Transcribe exactly the span of lines that begins the records and ends with the line holding "by (unfold b; field; lra).", both boundary lines included.
** Supplied data follows **
Lemma neg_sin_sum3_mul_le :
  - sin (x + y + z) * sin x * sin y * sin z <=
  / 4 * (sin (x + y + z) + sin x + sin y + sin z) ^ 2.
Proof.
  rewrite sin_sum_add.
  replace (- sin (x + y + z) * sin x * sin y * sin z)
    with (- sin (x + y + z) * (sin x * sin y * sin z)) by ring.
  rewrite sin_sum, sin_prod.
  (* AM-GM for [a] and [b] *)
  set (a := e1 - e3). set (b := e3 * (e2 - 1)).
  replace (- (2 * (a * (1 - e2)) / U) * (8 * e3 / U)) with (16 * (a * b) / U ^ 2)
    by (unfold b; field; lra).
  replace (/ 4 * (4 * (a + b) / U) ^ 2) with (4 * (a + b) ^ 2 / U ^ 2) by (field; lra).
  unfold Rdiv. apply Rmult_le_compat_r; [apply Rlt_le, Rinv_0_lt_compat; nra |].
  pose proof (pow2_ge_0 (a - b)). nra.
Qed.

End HalfAngleTangents.

(* With [/ 0 = 0] the quotient is 0 at a vanishing denominator. *)
Definition sin_quot (a b c d : R) : R :=
  sin a * sin b * sin c * sin d * (/ (sin a - sin b - sin c - sin d)) ^ 2.

Lemma mul_inv_sq_le (p d B : R) : 0 <= B -> p <= B * d ^ 2 -> p * (/ d) ^ 2 <= B.
Proof.
  intros hB hp. destruct (Req_dec d 0) as [-> | hd].
  - rewrite Rinv_0. lra.
  - assert (hd2 : 0 < d ^ 2) by (rewrite <- Rsqr_pow2; apply Rsqr_pos_lt; exact hd).
    replace (p * (/ d) ^ 2) with (p * / d ^ 2) by (field; exact hd).
    apply (Rmult_le_reg_r (d ^ 2)); [exact hd2 |].
    rewrite Rmult_assoc, Rinv_l by lra. lra.
Qed.

Lemma sin_quot_reflect (a b c d : R) :
  sin_quot (PI - a) (PI - b) (PI - c) (PI - d) = sin_quot a b c d.
Proof. unfold sin_quot. rewrite !sin_PI_x. reflexivity. Qed.

Lemma sin_quot_sum_le (x y z : R) : 0 < x < PI -> 0 < y < PI -> 0 < z < PI ->
  x + y + z < PI -> sin_quot (x + y + z) x y z <= 16 / (x + y + z) ^ 2.
Proof.
  intros hx hy hz hS. assert (hS2 : 0 < (x + y + z) ^ 2) by (apply pow_lt; lra).
  apply mul_inv_sq_le; [apply Rlt_le, Rdiv_lt_0_compat; lra |].
  apply (Rmult_le_reg_r ((x + y + z) ^ 2)); [exact hS2 |].
  replace (16 / (x + y + z) ^ 2 * (sin (x + y + z) - sin x - sin y - sin z) ^ 2 * (x + y + z) ^ 2)
    with (16 * (sin (x + y + z) - sin x - sin y - sin z) ^ 2) by (field; lra).
  apply sin_sum3_mul_le; assumption.
Qed.

Lemma sin_quot_sum_sub_PI_le (x y z : R) : 0 < x < PI -> 0 < y < PI -> 0 < z < PI ->
  sin_quot (x + y + z - PI) x y z <= / 4.
Proof.
  intros hx hy hz. unfold sin_quot.
  rewrite sin_minus, sin_PI, cos_PI.
  apply mul_inv_sq_le; [lra |].
  replace ((sin (x + y + z) * -1 - cos (x + y + z) * 0 - sin x - sin y - sin z) ^ 2)
    with ((sin (x + y + z) + sin x + sin y + sin z) ^ 2) by ring.
  replace ((sin (x + y + z) * -1 - cos (x + y + z) * 0) * sin x * sin y * sin z)
    with (- sin (x + y + z) * sin x * sin y * sin z) by ring.
  apply neg_sin_sum3_mul_le; assumption.
Qed.

Lemma sin_quot_sum_sub_2PI_le (x y z : R) : 0 < x < PI -> 0 < y < PI -> 0 < z < PI ->
  2 * PI < x + y + z -> sin_quot (x + y + z - 2 * PI) x y z <= 16 / (3 * PI - (x + y + z)) ^ 2.
Proof.
  intros hx hy hz hS. rewrite <- sin_quot_reflect.
  replace (PI - (x + y + z - 2 * PI)) with ((PI - x) + (PI - y) + (PI - z)) by ring.
  replace (3 * PI - (x + y + z)) with ((PI - x) + (PI - y) + (PI - z)) by ring.
  apply sin_quot_sum_le; lra.
Qed.

Definition angle (N k : nat) : R := PI * INR k / INR N.

Lemma angle_add (N a b : nat) : angle N (a + b) = angle N a + angle N b.
Proof. unfold angle. rewrite plus_INR. unfold Rdiv. ring. Qed.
** End of Supplied data **
*Response box*.
Lemma neg_sin_sum3_mul_le :
  - sin (x + y + z) * sin x * sin y * sin z <=
  / 4 * (sin (x + y + z) + sin x + sin y + sin z) ^ 2.
Proof.
  rewrite sin_sum_add.
  replace (- sin (x + y + z) * sin x * sin y * sin z)
    with (- sin (x + y + z) * (sin x * sin y * sin z)) by ring.
  rewrite sin_sum, sin_prod.
  (* AM-GM for [a] and [b] *)
  set (a := e1 - e3). set (b := e3 * (e2 - 1)).
  replace (- (2 * (a * (1 - e2)) / U) * (8 * e3 / U)) with (16 * (a * b) / U ^ 2)
    by (unfold b; field; lra).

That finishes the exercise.